*What you will do*
Using the records below, output the stretch that opens with the line containing "rewrite INR_double in k2_gt; nra." and closes with the line containing "exists K : nat, INR K < Rpower", exactly and including both lines, with nothing more.

%%

(* Let $\{a(n)\}_{n\in\mathbb{N}}$ be a sequence of non-negative numbers with $\sum_{n=1}^{\infty}a(n)\le 1$. Then for every $\alpha>1$ there exist $\varepsilon(\alpha)>0$ and $\nu(\alpha)\in\mathbb{N}$ such that for every integer $N\ge\nu(\alpha)$ there is a positive integer $\ell_{\alpha,N}<N^{\alpha}$ satisfying $\sum_{n=1}^{N}a(n\cdot\ell_{\alpha,N})<\frac{1}{N^{1+\varepsilon(\alpha)}}$. *)

From Stdlib Require Import Reals.
Open Scope R_scope.

Definition sum1 (f : nat -> R) (N : nat) : R := sum_f 1 N f.

(* For primes N < p <= K the products n p with 1 <= n <= N are pairwise distinct,
   so summing sum_{n <= N} a(n p) over all these primes gives at most
   sum_{m <= N K} a(m) <= 1, and some prime p beats the average
   1 / #{primes in (N, K]}.  With K close to N^alpha, Chebyshev's bound
   pi(2k) >= k ln 2 / ln (2k), which follows from 2^k <= C(2k, k) and
   p^(v_p C(2k, k)) <= 2k, provides more than N^(1 + eps) such primes for
   eps = (alpha - 1) / 4 and N large. *)

From Stdlib Require Import Reals Lra.
From mathcomp Require Import all_boot order zify ssralg ssrnum archimedean Rstruct.
Set Implicit Arguments. Unset Strict Implicit.
Import Order.TTheory GRing.Theory Num.Theory Num.Def.

Local Open Scope nat_scope.

Definition prime_count n := count prime (iota 0 n.+1).

Definition primes_between N K := [seq p <- iota N.+1 (K - N) | prime p].

Lemma exp2_le_bin_double k : 2 ^ k <= 'C(k.*2, k).
Proof.
elim: k => [|k IHk] //; rewrite doubleS binS expnS.
have := leq_bin2l k (leqnSn k.*2); rewrite binS; lia.
Qed.

Lemma sum_indicator_le t B : \sum_(1 <= i < B) (i <= t : nat) <= t.
Proof.
case: B => [|B]; first by rewrite big_geq.
suff -> : \sum_(1 <= i < B.+1) (i <= t : nat) = minn B t by apply: geq_minr.
elim: B => [|B IHB]; first by rewrite big_geq // min0n.
by rewrite big_nat_recr //= IHB; case: (leqP B.+1 t) => /=; lia.
Qed.

Lemma logn_fact_upto p n B : prime p -> n < B ->
  logn p n`! = \sum_(1 <= i < B) n %/ p ^ i.
Proof.
move=> p_pr ltnB; rewrite logn_fact // [RHS](big_cat_nat (n := n.+1)) //=.
rewrite [X in _ + X]big1_seq ?addn0 // => i /andP[_].
rewrite mem_index_iota => /andP[lt_n_i _]; apply: divn_small.
by have := ltn_expl i (prime_gt1 p_pr); lia.
Qed.

(* Legendre's formula: each term [2k %/ p^i - 2 (k %/ p^i)] is at most 1, and it
   vanishes once [p^i > 2k]. *)
Lemma logn_bin_double_le p k : prime p -> logn p 'C(k.*2, k) <= trunc_log p k.*2.
Proof.
move=> p_pr; set n := k.*2; set t := trunc_log p n.
have le_k_n : k <= n by rewrite /n -addnn leq_addr.
have := bin_fact le_k_n; rewrite /n -addnn addnK addnn -/n => fact_n.
have lognE : logn p n`! = logn p 'C(n, k) + (logn p k`! + logn p k`!).
  by rewrite -fact_n !lognM ?muln_gt0 ?fact_gt0 ?bin_gt0.
rewrite !(logn_fact_upto (B := n.+1)) // in lognE.
have le_terms : \sum_(1 <= i < n.+1) n %/ p ^ i <=
    \sum_(1 <= i < n.+1) (k %/ p ^ i + k %/ p ^ i + (i <= t : nat)).
  apply: leq_sum => i _; have p_i_gt0 : 0 < p ^ i by rewrite expn_gt0 prime_gt0.
  case: (leqP (p ^ i) n) => [le_pi_n | lt_n_pi]; last by rewrite divn_small.
  have -> : i <= t by apply: trunc_log_max => //; apply: prime_gt1.
  by rewrite /n -addnn divnD //; case: (p ^ i <= _); lia.
rewrite !big_split /= in le_terms.
have := sum_indicator_le t n.+1; lia.
Qed.

Lemma exp2_le_prime_count k : 0 < k -> 2 ^ k <= k.*2 ^ prime_count k.*2.
Proof.
move=> k_gt0; set n := k.*2; have n_gt0 : 0 < n by rewrite /n -addnn; lia.
have C_gt0 : 0 < 'C(n, k) by rewrite bin_gt0 /n -addnn leq_addr.
apply: leq_trans (exp2_le_bin_double k) _.
rewrite -/n {1}(prod_prime_decomp C_gt0) prime_decompE big_map /=.
have factor_le : forall p, p \in primes 'C(n, k) -> p ^ logn p 'C(n, k) <= n.
  move=> p; rewrite mem_primes => /andP[p_pr _].
  apply: leq_trans (trunc_logP (prime_gt1 p_pr) n_gt0).
  by rewrite leq_pexp2l ?prime_gt0 // logn_bin_double_le.
apply: (@leq_trans (n ^ size (primes 'C(n, k)))).
  rewrite -iter_muln_1 -count_predT -big_const_seq big_seq [X in _ <= X]big_seq.
  by apply: leq_prod => p /factor_le.
rewrite leq_pexp2l // /prime_count -size_filter.
apply: uniq_leq_size; first exact: primes_uniq.
move=> p p_C; rewrite mem_filter mem_iota /=.
have := p_C; rewrite mem_primes => /andP[p_pr _]; rewrite p_pr /=.
have := factor_le p p_C; rewrite -logn_gt0 in p_C.
have : p <= p ^ logn p 'C(n, k) by rewrite -{1}(expn1 p) leq_pexp2l // prime_gt0.
by lia.
Qed.

Lemma prime_count_le_primes_between N K :
  prime_count K <= size (primes_between N K) + N.+1.
Proof.
rewrite /prime_count /primes_between size_filter.
have [le_N_K | lt_K_N] := leqP N K; last first.
  by apply: leq_trans (count_size _ _) _; rewrite size_iota; lia.
have -> : K.+1 = N.+1 + (K - N) by lia.
rewrite iotaD count_cat add0n addnC leq_add2l.
by rewrite -{2}(size_iota 0 N.+1) count_size.
Qed.

Lemma mem_primes_between N K p :
  (p \in primes_between N K) = prime p && (N < p <= K).
Proof. by rewrite mem_filter mem_iota; case: prime => //=; apply/idP/idP; lia. Qed.

Lemma uniq_primes_between N K : uniq (primes_between N K).
Proof. exact/filter_uniq/iota_uniq. Qed.

Lemma mul_prime_inj p q m n : prime p -> prime q -> 0 < m < p ->
  n * p = m * q -> p = q /\ n = m.
Proof.
move=> p_pr q_pr m_range eq_nm.
have : p %| m * q by rewrite -eq_nm dvdn_mull.
rewrite Euclid_dvdM // => /orP[p_dvd_m | ].
  by have := dvdn_leq (_ : 0 < m) p_dvd_m; lia.
rewrite dvdn_prime2 // => /eqP p_eq_q; split => //; subst q.
by apply/eqP; rewrite -(eqn_pmul2r (prime_gt0 p_pr)) eq_nm.
Qed.

Local Open Scope ring_scope.

Lemma sum_sub_uniq_le (R : numDomainType) (T : eqType) (s t : seq T) (F : T -> R) :
  {in t, forall x, 0 <= F x} -> uniq s -> uniq t -> {subset s <= t} ->
  \sum_(x <- s) F x <= \sum_(x <- t) F x.
Proof.
move=> F_ge0 s_uniq t_uniq s_sub_t.
rewrite [X in _ <= X](bigID (mem s)) /= -[X in X <= _]addr0.
have -> : \sum_(x <- t | x \in s) F x = \sum_(x <- s) F x.
  rewrite -big_filter; apply/perm_big/uniq_perm => [||x]; rewrite ?filter_uniq //.
  by rewrite mem_filter; case: (boolP (x \in s)) => // /s_sub_t.
by rewrite lerD2l big_seq_cond sumr_ge0 // => x /andP[/F_ge0].
Qed.

Lemma sum_multiples_of_primes_le (R : numDomainType) (a : nat -> R) N K P :
  (forall m, (0 < m)%N -> 0 <= a m) -> uniq P ->
  {in P, forall p, prime p && (N < p <= K)%N} ->
  \sum_(p <- P) \sum_(1 <= n < N.+1) a (n * p)%N <= \sum_(1 <= m < (N * K).+1) a m.
Proof.
move=> a_ge0 P_uniq P_range.
rewrite -(big_allpairs_dep (h := fun p n => (n * p)%N)).
apply: sum_sub_uniq_le; rewrite ?iota_uniq //.
- by move=> m; rewrite mem_index_iota => /andP[/a_ge0].
- apply: allpairs_uniq; rewrite ?iota_uniq //.
  move=> [p n] [q m] /allpairsP[[p' n'] /= [pP nN [-> ->]]].
  move=> /allpairsP[[q' m'] /= [qP mN [-> ->]]] /= eq_np_mq.
  have /andP[p_pr p_range] := P_range p' pP; have /andP[q_pr _] := P_range q' qP.
  have m_range : (0 < m' < p')%N by move: mN; rewrite mem_index_iota; lia.
  by have [-> ->] := mul_prime_inj p_pr q_pr m_range eq_np_mq.
- move=> _ /allpairsP[[p n] /= [pP nN ->]].
  have /andP[p_pr p_range] := P_range p pP; move: nN; rewrite !mem_index_iota.
  move=> n_range; have := prime_gt0 p_pr.
  have : (n * p <= N * K)%N by apply: leq_mul; lia.
  by rewrite muln_gt0; lia.
Qed.

Lemma has_lt_of_sum_lt (R : realDomainType) (T : eqType) (s : seq T) (F : T -> R) c :
  \sum_(x <- s) F x < (size s)%:R * c -> exists2 x, x \in s & F x < c.
Proof.
case: (boolP (has (fun x => F x < c) s)) => [/hasP[x] | /hasPn ge_c]; first by exists x.
rewrite ltNge => /negP[]; rewrite mulr_natl -iter_addr_0 -count_predT.
rewrite -big_const_seq big_seq [X in _ <= X]big_seq.
by apply: ler_sum => x /ge_c; rewrite leNgt.
Qed.

Lemma sum_f1E (f : nat -> R) N : (0 < N)%N -> sum_f 1 N f = \sum_(1 <= n < N.+1) f n.
Proof.
case: N => // N _; rewrite /sum_f sum_f_R0E big_add1 /= Nat.sub_0_r.
by apply: eq_bigr => n _; rewrite Nat.add_1_r.
Qed.

Local Close Scope ring_scope.
Local Open Scope R_scope.

Lemma INR_double k : INR k.*2 = 2 * INR k.
Proof. by rewrite -addnn plus_INR; ring. Qed.

Lemma INR_expn m n : INR (m ^ n) = INR m ^ n.
Proof. by rewrite !INRE natrX RpowE. Qed.

Lemma ln_le x y : 0 < x -> x <= y -> ln x <= ln y.
Proof. by move=> x_gt0 [/(ln_increasing _ _ x_gt0)/Rlt_le | ->]; [| apply: Rle_refl]. Qed.

Lemma ln_prime_count_double_ge k : (0 < k)%N ->
  INR k * ln 2 <= INR (prime_count k.*2) * ln (INR k.*2).
Proof.
move=> k_gt0; have k2_gt0 : 0 < INR k.*2.
  by rewrite INR_double; have := lt_0_INR k (ssrnat.leP k_gt0); lra.
have := le_INR _ _ (ssrnat.leP (exp2_le_prime_count k_gt0)); rewrite !INR_expn.
rewrite -!ln_pow //; last by rewrite /= ; lra.
by apply: ln_le; apply: pow_lt; rewrite /=; lra.
Qed.

Lemma ln_lt_Rpower x d : d * ln x < Rpower x d.
Proof. by rewrite /Rpower; have := exp_ineq1_le (d * ln x); lra. Qed.

Lemma prime_count_double_ge_Rpower a d x k : (0 < k)%N -> 0 <= a -> 0 <= d ->
  INR k.*2 < Rpower x a ->
  d * (INR k * ln 2) <= INR (prime_count k.*2) * a * Rpower x d.
Proof.
move=> k_gt0 a_ge0 d_ge0 k2_lt; set pi := INR (prime_count k.*2).
have pi_ge0 : 0 <= pi by apply: pos_INR.
have k2_gt0 : 0 < INR k.*2.
  by rewrite INR_double; have := lt_0_INR k (ssrnat.leP k_gt0); lra.
have ln_k2_lt : ln (INR k.*2) < a * ln x.
  by rewrite -ln_Rpower; apply: ln_increasing.
have := ln_prime_count_double_ge k_gt0; rewrite -/pi => cheb.
have : pi * ln (INR k.*2) <= pi * (a * ln x) by apply: Rmult_le_compat_l; lra.
have : pi * a * (d * ln x) <= pi * a * Rpower x d.
  by apply: Rmult_le_compat_l; [nra | apply: Rlt_le; apply: ln_lt_Rpower].
nra.
Qed.

(* With [u = x^d]: [prime_count_double_ge_Rpower] bounds [d k ln 2] by [pi (1 + 4d) u], while
   [2k > x u^4 - 3 >= C x u^2 - 3]; the constant [C] is chosen so that the two
   bounds are incompatible unless [pi > 3 x u >= x u + x + 1]. *)
Lemma prime_count_double_gt d x k : 0 < d -> 1 <= x ->
  3 + 6 * (1 + 4 * d) / (d * ln 2) <= Rpower x (2 * d) ->
  Rpower x (1 + 4 * d) - 3 < INR k.*2 < Rpower x (1 + 4 * d) ->
  Rpower x (1 + d) + x + 1 < INR (prime_count k.*2).
Proof.
set a := 1 + 4 * d; set C := 3 + 6 * a / (d * ln 2); set u := Rpower x d.
move=> d_gt0 x_ge1 large_x [k2_gt k2_lt].
have a_gt0 : 0 < a by rewrite /a; lra.
have L_gt0 : 0 < ln 2 by have := ln_lt_2; lra.
have dL_gt0 : 0 < d * ln 2 by nra.
have C_ge3 : 3 <= C.
  have : 0 < 6 * a / (d * ln 2) by apply: Rdiv_lt_0_compat; lra.
  by rewrite /C; lra.
have dLC : d * ln 2 * C = 3 * d * ln 2 + 6 * a by rewrite /C; field; lra.
have Rpower_x2d : Rpower x (2 * d) = u * u by rewrite -Rpower_plus; f_equal; ring.
have Rpower_xa : Rpower x a = x * (u * u) * (u * u).
  by rewrite -Rpower_x2d -{2}(Rpower_1 x) -?Rpower_plus /a; [f_equal; ring | lra].
rewrite Rpower_plus Rpower_1 -/u; last by lra.
rewrite Rpower_x2d in large_x; rewrite Rpower_xa in k2_gt.
set w := x * (u * u) in k2_gt.
have u_ge1 : 1 <= u by have := exp_pos (d * ln x); rewrite -/(Rpower x d) -/u; nra.
have w_ge3 : 3 <= w by rewrite /w; nra.
have k_gt0 : (0 < k)%N.
  by apply/ssrnat.ltP/INR_lt; rewrite INR_double in k2_gt; simpl; nra.
have := prime_count_double_ge_Rpower k_gt0 (Rlt_le _ _ a_gt0) (Rlt_le _ _ d_gt0) k2_lt.
set pi := INR (prime_count k.*2); rewrite -/u => cheb.
apply: Rnot_le_lt => pi_small.
have pi_le : pi <= 3 * (x * u) by nra.
have au_ge0 : 0 <= a * u by nra.
have := Rmult_le_compat_r _ _ _ au_ge0 pi_le.
have -> : 3 * (x * u) * (a * u) = 3 * a * w by rewrite /w; ring.
have : d * ln 2 * C * w <= d * ln 2 * (u * u) * w.
  by apply: Rmult_le_compat_r; [lra | apply: Rmult_le_compat_l; lra].
have : 3 * d * ln 2 <= 3 * d * ln 2 * w by nra.
rewrite INR_double in k2_gt; nra.
Qed.
Lemma Rpower_gt_eventually C d : 0 < C -> 0 < d ->
  exists nu : nat, forall N : nat, (nu <= N)%N -> C < Rpower (INR N) d.
Proof.
move=> C_gt0 d_gt0; exists (truncn (Rpower C (/ d))).+1 => N le_nu_N.
have root_lt : Rpower C (/ d) < INR N.
  apply: (Rlt_le_trans _ _ _ _ (le_INR _ _ (ssrnat.leP le_nu_N))).
  by rewrite INRE; apply/RltP/truncnS_gt.
rewrite -{1}(Rpower_1 C) // -(Rinv_l d); last by lra.
by rewrite -Rpower_mult; apply: Rlt_Rpower_l => //; split => //; apply: exp_pos.
Qed.

Lemma exists_double_between y : 1 <= y -> exists k : nat, y - 3 < INR k.*2 < y.
Proof.
move=> y_ge1; suff [k [le_k lt_k]] : exists k : nat, INR k <= (y - 1) / 2 < INR k + 1.
  by exists k; rewrite INR_double; lra.
have : 0 <= (y - 1) / 2 by lra.
move: ((y - 1) / 2) => z /RleP/truncn_itv/andP[/RleP le_k /RltP lt_k].
by exists (truncn z); rewrite -!INRE S_INR in le_k lt_k.
Qed.

Lemma many_primes_between alpha : 1 < alpha ->
  exists (eps : R) (nu : nat), 0 < eps /\ forall N : nat, (nu <= N)%N -> (0 < N)%N ->
    exists K : nat, INR K < Rpower (INR N) alpha /\
      Rpower (INR N) (1 + eps) < INR (size (primes_between N K)).
Proof.
move=> alpha_gt1; set d := (alpha - 1) / 4.
have d_gt0 : 0 < d by rewrite /d; lra.
have alphaE : alpha = 1 + 4 * d by rewrite /d; field.
set C := 3 + 6 * (1 + 4 * d) / (d * ln 2).
have C_gt0 : 0 < C.
  have : 0 < 6 * (1 + 4 * d) / (d * ln 2).
    by apply: Rdiv_lt_0_compat; have := ln_lt_2; nra.
  by rewrite /C; lra.
have [nu large] := Rpower_gt_eventually C_gt0 (Rmult_lt_0_compat _ _ Rlt_0_2 d_gt0).
exists d, nu; split => // N le_nu_N N_gt0.
have N_ge1 : 1 <= INR N by apply: (le_INR 1); apply/ssrnat.leP.
have X_ge1 : 1 <= Rpower (INR N) alpha.
  by rewrite -(Rpower_O (INR N)); [apply: Rle_Rpower; lra | lra].
have [k k2_between] := exists_double_between X_ge1.
rewrite alphaE in k2_between.
have := prime_count_double_gt d_gt0 N_ge1 (Rlt_le _ _ (large N le_nu_N)) k2_between.
have count_le : INR (prime_count k.*2) <= INR (size (primes_between N k.*2)) + (INR N + 1).
  rewrite -S_INR -plus_INR; apply/le_INR/ssrnat.leP.
  exact: prime_count_le_primes_between.
by rewrite alphaE => count_gt; exists k.*2; split; lra.
Qed.

Lemma sum_upto_le_one (a : nat -> R) M :
  (forall M : nat, Peano.le 1 M -> sum_f 1 M a <= 1) ->
  (\sum_(1 <= m < M.+1) a m <= 1)%R.
Proof.
move=> a_sum; case: M => [|M]; first by rewrite big_geq // ler01.
by apply/RleP; rewrite -sum_f1E //; apply: a_sum; lia.
Qed.

Theorem lemma9 (a : nat -> R)
  (Ha_nonneg : forall n : nat, Peano.le 1 n -> 0 <= a n)
  (Ha_sum : forall M : nat, Peano.le 1 M -> sum_f 1 M a <= 1) :
  forall alpha : R, 1 < alpha ->
  exists (eps : R) (nu : nat), 0 < eps /\
    forall N : nat, Peano.le nu N -> Peano.le 1 N ->
    exists l : nat, Peano.le 1 l /\ INR l < Rpower (INR N) alpha /\
      sum_f 1 N (fun n => a (Nat.mul n l)) < 1 / Rpower (INR N) (1 + eps).
Proof.
move=> alpha alpha_gt1.
have [eps [nu [eps_gt0 many_primes]]] := many_primes_between alpha_gt1.
exists eps, nu; split => // N /ssrnat.leP le_nu_N /ssrnat.leP N_gt0.
have [K [K_lt size_gt]] := many_primes N le_nu_N N_gt0.
set X := Rpower (INR N) (1 + eps) in size_gt *.
have X_gt0 : 0 < X by apply: exp_pos.
have a_ge0 m : (0 < m)%N -> (0 <= a m)%R by move/ssrnat.leP/Ha_nonneg/RleP.
have [p] : exists2 p, p \in primes_between N K &
    (sum_f 1 N (fun n => a (n * p)%N) < 1 / X)%R.
  apply: has_lt_of_sum_lt; rewrite (eq_bigr _ (fun p _ => sum_f1E _ N_gt0)).
  apply: le_lt_trans (sum_multiples_of_primes_le a_ge0 (uniq_primes_between N K) _) _.
    by move=> p; rewrite mem_primes_between; apply.
  apply: le_lt_trans (sum_upto_le_one _ Ha_sum) _.
  rewrite mulrA mulr1 ltr_pdivlMr ?mul1r; last exact/RltP.
  by rewrite -INRE; apply/RltP.
rewrite mem_primes_between => /and3P[p_prime lt_N_p le_p_K] /RltP sum_lt.
exists p; split; first exact/ssrnat.leP/prime_gt0.
split => //; apply: Rle_lt_trans K_lt; exact/le_INR/ssrnat.leP.
Qed.
(** Drawn with its hexagons in a row, [L_n] is a ladder with two rails of [3n]
    vertices: [f_i a_i b_i] and [e_i d_i c_i] fill columns [3i, 3i+1, 3i+2], the rungs
    are the edges [f_i e_i] and [b_i c_i], so every column not congruent to 1
    mod 3 carries a rung.  The distance between two ladder vertices is their
    column difference, plus one for changing rails, plus a detour of two when
    both lie in the same rungless column.  This is the graph distance because it
    vanishes only at the source, grows by at most one along an edge, and every
    other vertex has a neighbour one step closer.
    The degree-3 vertices are the [4(n-1)] vertices of the [n-1] squares
    [b_i c_i e_(i+1) f_(i+1)].  Two vertices of squares [k < l] are at distance
    [3(l-k) - 1 + w], where the 16 values of [w] have generating polynomial
    [2(1+x)^3], and the six pairs inside one square contribute [4x + 2x^2].
    Summing over pairs of squares,
    [H = (n-1)(4x + 2x^2) + sum_(1 <= d < n-1) (n-1-d) x^(3d-1) 2(1+x)^3],
    which expands to the stated formula. *)

From HB Require Import structures.
From mathcomp Require Import all_boot all_order all_algebra.
From mathcomp Require Import zify ring.
Import GRing.Theory.

Set Implicit Arguments.
Unset Strict Implicit.
Unset Printing Implicit Defensive.

Section Potential.
Variables (T : finType) (e : rel T) (u : T) (f : T -> nat).
Hypothesis f_eq0 : forall y, (f y == 0) = (y == u).
Hypothesis f_adj : forall x y, e x y -> f y <= (f x).+1.
Hypothesis f_pred : forall y, y != u -> exists2 z, e z y & (f z).+1 = f y.

Lemma ball_potential k : ball e u k = [set y | f y <= k].
Proof.
elim: k => [|k IHk]; apply/setP=> y; rewrite inE.
  by rewrite /ball /= inE leqn0 f_eq0.
rewrite /ball iterS -/(ball e u k) IHk !inE; apply/idP/idP.
- case/orP=> [/leqW // | /existsP[x /andP[]]].
  by rewrite inE => fx /f_adj fy; apply: leq_trans fy _.
- rewrite leq_eqVlt ltnS orbC => /orP[-> // | /eqP fy].
  have /f_pred[z ezy fz] : y != u by rewrite -f_eq0 fy.
  apply/orP; right; apply/existsP; exists z.
  by rewrite inE ezy andbT -ltnS fz fy.
Qed.

Lemma dist_potential v : f v < #|T| -> dist e u v = f v.
Proof.
move=> fv_lt; rewrite /dist -(subnKC (ltnW fv_lt)) iotaD find_cat size_iota add0n.
rewrite ifN; last first.
  by apply/hasPn => k; rewrite mem_iota ball_potential inE -ltnNge => /andP[].
move: fv_lt; rewrite -subn_gt0.
by case: (#|T| - f v) => // r _ /=; rewrite ball_potential inE leqnn addn0.
Qed.
End Potential.

(** The ladder: vertex [(x, side)] lies in column [x] of rail [side]. *)
Definition rung (x : nat) : bool := x %% 3 != 1.

Definition ladder_adj (c d : nat * bool) : bool :=
  (c.2 == d.2) && (`|c.1 - d.1| == 1) || [&& c.2 != d.2, c.1 == d.1 & rung c.1].

Definition ladder_dist (c d : nat * bool) : nat :=
  `|c.1 - d.1| + (c.2 != d.2) + 2 * [&& c.2 != d.2, c.1 == d.1 & ~~ rung c.1].

Lemma ladder_dist_eq0 c d : (ladder_dist c d == 0) = (d == c).
Proof. by case: c d => [x r] [y s]; rewrite /ladder_dist xpair_eqE /=; case: r; case: s; lia. Qed.

Lemma ladder_distC c d : ladder_dist c d = ladder_dist d c.
Proof. by case: c d => [x r] [y s]; rewrite /ladder_dist /rung /=; case: r; case: s; lia. Qed.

%%

*Output*
rewrite INR_double in k2_gt; nra.
Qed.
Lemma Rpower_gt_eventually C d : 0 < C -> 0 < d ->
  exists nu : nat, forall N : nat, (nu <= N)%N -> C < Rpower (INR N) d.
Proof.
move=> C_gt0 d_gt0; exists (truncn (Rpower C (/ d))).+1 => N le_nu_N.
have root_lt : Rpower C (/ d) < INR N.
  apply: (Rlt_le_trans _ _ _ _ (le_INR _ _ (ssrnat.leP le_nu_N))).
  by rewrite INRE; apply/RltP/truncnS_gt.
rewrite -{1}(Rpower_1 C) // -(Rinv_l d); last by lra.
by rewrite -Rpower_mult; apply: Rlt_Rpower_l => //; split => //; apply: exp_pos.
Qed.

Lemma exists_double_between y : 1 <= y -> exists k : nat, y - 3 < INR k.*2 < y.
Proof.
move=> y_ge1; suff [k [le_k lt_k]] : exists k : nat, INR k <= (y - 1) / 2 < INR k + 1.
  by exists k; rewrite INR_double; lra.
have : 0 <= (y - 1) / 2 by lra.
move: ((y - 1) / 2) => z /RleP/truncn_itv/andP[/RleP le_k /RltP lt_k].
by exists (truncn z); rewrite -!INRE S_INR in le_k lt_k.
Qed.

Lemma many_primes_between alpha : 1 < alpha ->
  exists (eps : R) (nu : nat), 0 < eps /\ forall N : nat, (nu <= N)%N -> (0 < N)%N ->
    exists K : nat, INR K < Rpower (INR N) alpha /\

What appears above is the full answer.